My home, spiritual and otherwise has changed often in my life. Up until a few years ago, as most of you know, I lived in California. In Los Angeles, public pools don’t have lifeguards—[they] have life coaches. If they see you struggling in the water, they say, “Are you happy with the decisions you’re making?” and give you a pamphlet for a yoga studio.
The Buddhist Teacher Tara Brach tells the story of another Buddhist teacher in California, renowned for his wisdom and practice, who suddenly found himself forgetting things, where he was, what he was doing, even who he was. Early dementia. The first time this became serious for him was at a retreat he was leading. He arrived late, because he had forgotten how to get there. Once there he found over a hundred of his students sitting on cushions expectantly waiting for him to impart his wisdom, he climbed up on the dais, sat down and his mind went totally blank. He was panicking, his hands were sweating and everyone was staring at him. And then he did the only thing he could think of. He put his hands together, bowed his head slightly and with eyes closed started naming what he was feeling, “scared, anxious, confused, embarrassed” and as he named these feelings he began to relax and his memory started to return “calmer, teacher, students, dharma, here, now”. Finally, he was centered enough to open his eyes and continue his teaching. As he spoke, he noticed that almost all his students had been crying. (From Radical Acceptance by Tara Brach)

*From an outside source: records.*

(* Let $k\ge 2$, let $\epsilon>0$ and let $1\le r<k$. For all sufficiently large $n$ (as a function of $\epsilon$ and $k$), for $T\sim\mathcal{R}(n,k)$ the probability that there exist a permutation $\pi$ of $V(T)$, a perfect $r$-set $P$, a subset $R\subseteq P$ with $|R|\ge\epsilon n$ and a subset $S\subseteq A_{r+1}$ with $|S|\ge \epsilon n$ such that the event $X(T,\pi,P,R,S)$ occurs, is at most $\frac{1}{kn}$.
   Context: $\mathcal{R}(n,k)$ is the probability space of $k$-partite tournaments with vertex classes $A_1,\ldots,A_k$ of size $n$ each, every edge between distinct classes oriented independently and uniformly at random. For a permutation (bijection) $\pi:V(T)\to\{1,\ldots,kn\}$, $L_\pi(T)$ is the spanning subgraph of $T$ consisting of all edges $(u,v)\in E(T)$ with $\pi(u)<\pi(v)$, viewed as undirected. For $1\le r\le k$, a perfect $r$-set is a set $P$ of $n$ pairwise disjoint $r$-tuples $(a_1,\ldots,a_r)$ with $a_i\in A_i$ for each $i$. For $1\le r<k$, a perfect $r$-set $P$ and $\pi$, $L_\pi(P,T)$ is the bipartite graph with parts $P$ and $A_{r+1}$ in which $p=(a_1,\ldots,a_r)\in P$ and $v\in A_{r+1}$ are adjacent iff $\{v,a_i\}$ is an edge of $L_\pi(T)$ for every $i=1,\ldots,r$. For $R\subseteq P$ and $S\subseteq A_{r+1}$, $X(T,\pi,P,R,S)$ is the event that $L_\pi(P,T)$ has fewer than $|R||S|/2^{r+1}$ edges between $R$ and $S$. *)

From HB Require Import structures.
From mathcomp Require Import all_boot all_order all_algebra.
From mathcomp Require Import reals.
Set Implicit Arguments. Unset Strict Implicit. Unset Printing Implicit Defensive.
Import Order.TTheory GRing.Theory Num.Theory.

(* Vertices of the k-partite tournament: vertex (i, j) is the j-th vertex of
   class A_i (classes indexed 0..k-1, so A_1,...,A_k of the paper are
   indices 0,...,k-1). *)
Definition vert (k n : nat) := ('I_k * 'I_n)%type.

(* Unordered pairs of vertices in distinct classes, represented by the
   ordered pair whose first vertex lies in the smaller class. *)
Definition xpair (k n : nat) :=
  {p : vert k n * vert k n | (nat_of_ord p.1.1 < nat_of_ord p.2.1)%N}.

(* Sample space of R(n,k): an orientation bit for each such pair,
   true meaning the edge is oriented from p.1 to p.2.  The uniform
   distribution on this finite set is exactly the product of independent
   fair orientations. *)
Definition orient (k n : nat) := {ffun xpair k n -> bool}.

Definition arc k n (T : orient k n) (u v : vert k n) : bool :=
  match insub (u, v) : option (xpair k n) with
  | Some p => T p
  | None =>
      match insub (v, u) : option (xpair k n) with
      | Some q => ~~ T q
      | None => false
      end
  end.

(* {u,v} is an edge of L_pi(T). pi : V(T) -> {1..kn} bijection, encoded as
   an injective map into 'I_(k*n) (0-based, order preserved). *)
Definition Ledge k n (T : orient k n) (pi : {ffun vert k n -> 'I_(k * n)})
  (u v : vert k n) : bool :=
  (arc T u v && (pi u < pi v)%N) || (arc T v u && (pi v < pi u)%N).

The teacher’s willingness to welcome what he was feeling both negatively and positively allowed him to be at home in his own body in the midst of great fear. Many of his students said that they had never experienced the teaching of mindfulness as fully as that before. Buddhist training is ultimately about welcoming yourself to what is home for you. And in welcoming the fearful and painful into your home, they cease to have power over you.
It is my hope that we will live into our own selves individually and collectively this year. To learn to name and accept that which has wounded us and in that naming to imagine a better life, a better congregation. To welcome the stranger into our midst, whether someone new or that which we would rather not face in our own lives. This is the calling home I think really matters to us here today. In the words of G.K. Chesterton: To love means loving the unlovable. To forgive means pardoning the unpardonable. Faith means believing the unbelievable. Hope means hoping when everything seems hopeless.

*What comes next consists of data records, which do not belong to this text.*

(* Let $c\in\mathbb{R}\setminus\{0\}$ and let $\mathbf f_c:\mathbb{R}^2\to\mathbb{R}^2$ be $$\mathbf f_c(u,v)=\bigl(-3u^2-cv,\ -3v^2-cu\bigr).$$ Let $\mathbf s=(s_1,s_2)$ be a point such that $\mathbf f_c(\mathbf x)=\mathbf s$ has exactly four distinct solutions $\mathbf x_i=(u_i,v_i)\in\mathbb{R}^2$, $i=1,\dots,4$, each with $\det(\mathrm{Jac}\,\mathbf f_c)(\mathbf x_i)\neq0$. Then, with $\mathfrak M_i=1/\det(\mathrm{Jac}\,\mathbf f_c)(\mathbf x_i)=\frac{1}{36u_iv_i-c^2}$, $$\mathfrak M_1+\mathfrak M_2+\mathfrak M_3+\mathfrak M_4=0.$$
   Context: $\mathbf f_c$ is the generic local form of a one-parameter family of maps between planes near a hyperbolic umbilic singularity; it is induced by the family of functions $F_{c,\mathbf s}(u,v)=s_1u+s_2v+cuv+u^3+v^3$. The points $\mathbf s$ with four preimages form the four-image region of $\mathbf f_c$. *)

From Stdlib Require Import Reals Lra.
Open Scope R_scope.

Definition fc (c : R) (x : R * R) : R * R :=
  let (u, v) := x in (-3 * u ^ 2 - c * v, -3 * v ^ 2 - c * u).

(* Determinant of the Jacobian matrix of f_c at (u,v):
   the matrix of partial derivatives is [[-6u, -c], [-c, -6v]]. *)
Definition jac_det (c : R) (x : R * R) : R :=
  let (u, v) := x in (-6 * u) * (-6 * v) - (-c) * (-c).

From Stdlib Require Import Reals Lra.
Open Scope R_scope.

(* Since c <> 0, the first equation of f_c(u,v) = (s1,s2)
   determines v from u (c v = -(s1 + 3u^2)); substituting it into the second
   equation shows that u is a root of the depressed quartic
     Q(u) = 27 u^4 + 18 s1 u^2 + c^3 u + (3 s1^2 + c^2 s2),
   and that det Jac f_c(u,v) = 36 u v - c^2 = - Q'(u) / c.  The four points
   of the fibre have pairwise distinct u-coordinates, so they give the four
   roots u_1..u_4 of Q, and the claim becomes  sum_i 1 / Q'(u_i) = 0.
   This is a general fact about quartics with four distinct roots: by
   Vieta (obtained here through divided differences) Q'(u_i) equals
   27 prod_{j<>i} (u_i - u_j), and the sum of the reciprocals of these
   products vanishes (Lagrange interpolation of the constant 0 polynomial). *)

Lemma cancel_difference (x y z : R) : x <> y -> (x - y) * z = 0 -> z = 0.
Proof.
  intros hxy hz; destruct (Rmult_integral _ _ hz) as [h | h]; [lra | exact h].
Qed.

Section DepressedQuartic.

Variables a p q r : R.

Definition quartic (x : R) : R := a * x ^ 4 + p * x ^ 2 + q * x + r.
Definition dquartic (x : R) : R := 4 * a * x ^ 3 + 2 * p * x + q.

Definition divdiff1 (x y : R) : R :=
  a * (x ^ 3 + x ^ 2 * y + x * y ^ 2 + y ^ 3) + p * (x + y) + q.
Definition divdiff2 (x y z : R) : R :=
  a * (x ^ 2 + y ^ 2 + z ^ 2 + x * y + x * z + y * z) + p.

Lemma divdiff1_roots (x y : R) :
  x <> y -> quartic x = 0 -> quartic y = 0 -> divdiff1 x y = 0.
Proof.
  intros hxy hx hy; apply (cancel_difference x y); auto.
  replace ((x - y) * divdiff1 x y) with (quartic x - quartic y)
    by (unfold quartic, divdiff1; ring).
  rewrite hx, hy; ring.
Qed.

Lemma divdiff2_roots (x y z : R) :
  y <> z -> divdiff1 x y = 0 -> divdiff1 x z = 0 -> divdiff2 x y z = 0.
Proof.
  intros hyz hy hz; apply (cancel_difference y z); auto.
  replace ((y - z) * divdiff2 x y z) with (divdiff1 x y - divdiff1 x z)
    by (unfold divdiff1, divdiff2; ring).
  rewrite hy, hz; ring.
Qed.

(* Four distinct roots have vanishing third divided difference
   a (x + y + z + w); this is Vieta's relation for the missing cubic term. *)
Lemma divdiff3_roots (x y z w : R) :
  z <> w -> divdiff2 x y z = 0 -> divdiff2 x y w = 0 -> a * (x + y + z + w) = 0.
Proof.
  intros hzw hz hw; apply (cancel_difference z w); auto.
  replace ((z - w) * (a * (x + y + z + w))) with (divdiff2 x y z - divdiff2 x y w)
    by (unfold divdiff2; ring).
  rewrite hz, hw; ring.
Qed.

Lemma dquartic_at_root (u1 u2 u3 u4 : R) :
  u1 <> u2 -> u1 <> u3 -> u1 <> u4 -> u2 <> u3 -> u2 <> u4 -> u3 <> u4 ->
  quartic u1 = 0 -> quartic u2 = 0 -> quartic u3 = 0 -> quartic u4 = 0 ->
  dquartic u1 = a * ((u1 - u2) * (u1 - u3) * (u1 - u4)).
Proof.
  intros h12 h13 h14 h23 h24 h34 r1 r2 r3 r4.
  pose proof (divdiff1_roots _ _ h12 r1 r2) as d12.
  pose proof (divdiff1_roots _ _ h13 r1 r3) as d13.
  pose proof (divdiff1_roots _ _ h14 r1 r4) as d14.
  pose proof (divdiff2_roots _ _ _ h23 d12 d13) as d123.
  pose proof (divdiff2_roots _ _ _ h24 d12 d14) as d124.
  pose proof (divdiff3_roots _ _ _ _ h34 d123 d124) as sum_roots.
  assert (hp : p = - a * (u1 ^ 2 + u2 ^ 2 + u3 ^ 2 + u1 * u2 + u1 * u3 + u2 * u3))
    by (unfold divdiff2 in d123; lra).
  assert (hq : q = - a * (u1 ^ 3 + u1 ^ 2 * u2 + u1 * u2 ^ 2 + u2 ^ 3) - p * (u1 + u2))
    by (unfold divdiff1 in d12; lra).
  unfold dquartic; rewrite hq, hp.
  replace (a * ((u1 - u2) * (u1 - u3) * (u1 - u4)))
    with (a * ((u1 - u2) * (u1 - u3) * (2 * u1 + u2 + u3))
          - (u1 - u2) * (u1 - u3) * (a * (u1 + u2 + u3 + u4))) by ring.
  rewrite sum_roots; ring.
Qed.

End DepressedQuartic.

(* The reciprocals of the products of differences of four distinct numbers
   sum to zero (the leading coefficient of the Lagrange interpolant of 0). *)
Lemma sum_inv_difference_products (u1 u2 u3 u4 : R) :
  u1 <> u2 -> u1 <> u3 -> u1 <> u4 -> u2 <> u3 -> u2 <> u4 -> u3 <> u4 ->
  / ((u1 - u2) * (u1 - u3) * (u1 - u4)) + / ((u2 - u1) * (u2 - u3) * (u2 - u4))
  + / ((u3 - u1) * (u3 - u2) * (u3 - u4)) + / ((u4 - u1) * (u4 - u2) * (u4 - u3)) = 0.
Proof.
  intros; field; repeat split; lra.
Qed.

(* Euler-Jacobi for depressed quartics: over four distinct roots, the
   reciprocals of the derivative sum to zero (each Q'(u_i) factors as
   a times a product of differences). *)
Lemma sum_inv_dquartic (a p q r u1 u2 u3 u4 : R) :
  u1 <> u2 -> u1 <> u3 -> u1 <> u4 -> u2 <> u3 -> u2 <> u4 -> u3 <> u4 ->
  quartic a p q r u1 = 0 -> quartic a p q r u2 = 0 ->
  quartic a p q r u3 = 0 -> quartic a p q r u4 = 0 ->
  / dquartic a p q u1 + / dquartic a p q u2 + / dquartic a p q u3 + / dquartic a p q u4 = 0.
Proof.
  intros h12 h13 h14 h23 h24 h34 r1 r2 r3 r4.
  rewrite (dquartic_at_root a p q r u1 u2 u3 u4),
          (dquartic_at_root a p q r u2 u1 u3 u4),
          (dquartic_at_root a p q r u3 u1 u2 u4),
          (dquartic_at_root a p q r u4 u1 u2 u3); auto.
  rewrite !Rinv_mult, <- !Rmult_plus_distr_l.
  rewrite <- !Rinv_mult, sum_inv_difference_products; auto; ring.
Qed.

(* The u-coordinate of a point of the fibre f_c^{-1}(s1,s2) is a root of the
   quartic obtained by eliminating v, namely
   27 u^4 + 18 s1 u^2 + c^3 u + (3 s1^2 + c^2 s2). *)
Definition fibre_quartic (c s1 s2 u : R) : R :=
  quartic 27 (18 * s1) (c ^ 3) (3 * s1 ^ 2 + c ^ 2 * s2) u.

Lemma fc_fibre (c s1 s2 u v : R) : fc c (u, v) = (s1, s2) ->
  c * v = - (s1 + 3 * u ^ 2) /\ fibre_quartic c s1 s2 u = 0.
Proof.
  unfold fc, fibre_quartic, quartic; intros h; injection h as h1 h2.
  split; [lra | subst; ring].
Qed.

Lemma jac_det_fibre (c s1 u v : R) : c <> 0 -> c * v = - (s1 + 3 * u ^ 2) ->
  jac_det c (u, v) = - dquartic 27 (18 * s1) (c ^ 3) u / c.
Proof.
  intros hc hv; unfold jac_det, dquartic.
  replace ((-6 * u) * (-6 * v) - (-c) * (-c)) with ((36 * u * (c * v) - c ^ 3) / c)
    by (field; exact hc).
  rewrite hv; field; exact hc.
Qed.

Lemma fc_fibre_u_distinct (c : R) (s : R * R) (u v u' v' : R) : c <> 0 -> (u, v) <> (u', v') ->
  fc c (u, v) = s -> fc c (u', v') = s -> u <> u'.
Proof.
  intros hc hne h h' <-; apply hne; rewrite <- h' in h.
  unfold fc in h; injection h as h1 _.
  assert (hvv : c * (v - v') = 0) by lra.
  destruct (Rmult_integral _ _ hvv); [contradiction | f_equal; lra].
Qed.

Theorem theorem1 (c : R) (hc : c <> 0) (s : R * R)
  (x1 x2 x3 x4 : R * R)
  (hd12 : x1 <> x2) (hd13 : x1 <> x3) (hd14 : x1 <> x4)
  (hd23 : x2 <> x3) (hd24 : x2 <> x4) (hd34 : x3 <> x4)
  (hs1 : fc c x1 = s) (hs2 : fc c x2 = s) (hs3 : fc c x3 = s) (hs4 : fc c x4 = s)
  (hall : forall x : R * R, fc c x = s -> x = x1 \/ x = x2 \/ x = x3 \/ x = x4)
  (hj1 : jac_det c x1 <> 0) (hj2 : jac_det c x2 <> 0)
  (hj3 : jac_det c x3 <> 0) (hj4 : jac_det c x4 <> 0) :
  / jac_det c x1 + / jac_det c x2 + / jac_det c x3 + / jac_det c x4 = 0.
Proof.
  (* Four distinct points of the fibre suffice. *)
  destruct s as [s1 s2], x1 as [u1 v1], x2 as [u2 v2], x3 as [u3 v3], x4 as [u4 v4].
  pose proof (fc_fibre_u_distinct _ _ _ _ _ _ hc hd12 hs1 hs2) as h12.
  pose proof (fc_fibre_u_distinct _ _ _ _ _ _ hc hd13 hs1 hs3) as h13.
  pose proof (fc_fibre_u_distinct _ _ _ _ _ _ hc hd14 hs1 hs4) as h14.
  pose proof (fc_fibre_u_distinct _ _ _ _ _ _ hc hd23 hs2 hs3) as h23.
  pose proof (fc_fibre_u_distinct _ _ _ _ _ _ hc hd24 hs2 hs4) as h24.
  pose proof (fc_fibre_u_distinct _ _ _ _ _ _ hc hd34 hs3 hs4) as h34.
  destruct (fc_fibre _ _ _ _ _ hs1) as [hv1 r1].
  destruct (fc_fibre _ _ _ _ _ hs2) as [hv2 r2].
  destruct (fc_fibre _ _ _ _ _ hs3) as [hv3 r3].
  destruct (fc_fibre _ _ _ _ _ hs4) as [hv4 r4].
  rewrite (jac_det_fibre c s1 u1 v1), (jac_det_fibre c s1 u2 v2),
          (jac_det_fibre c s1 u3 v3), (jac_det_fibre c s1 u4 v4) in * by assumption.
  set (dQ := dquartic 27 (18 * s1) (c ^ 3)).
  assert (hinv : forall d, d <> 0 -> / (- d / c) = - c * / d)
    by (intros d hd; field; auto).
  assert (hdQ : forall u, - dQ u / c <> 0 -> dQ u <> 0)
    by (intros u h h0; apply h; rewrite h0; unfold Rdiv; ring).
  rewrite (hinv _ (hdQ _ hj1)), (hinv _ (hdQ _ hj2)),
          (hinv _ (hdQ _ hj3)), (hinv _ (hdQ _ hj4)), <- !Rmult_plus_distr_l.
  rewrite (sum_inv_dquartic 27 (18 * s1) (c ^ 3) (3 * s1 ^ 2 + c ^ 2 * s2)); auto; lra.
Qed.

I would hazard a guess and say that most of us want our hearts to feel at home more than even our comforts. By journeying in and journey out, we journey, towards a vague but compelling sense of wholeness with ourselves. Christians call this atonement at one ment with God/Spirit/All that which permeates all life. The vital truth is that going home is not about where you end up so much as that you get there.
It is good to be back together again.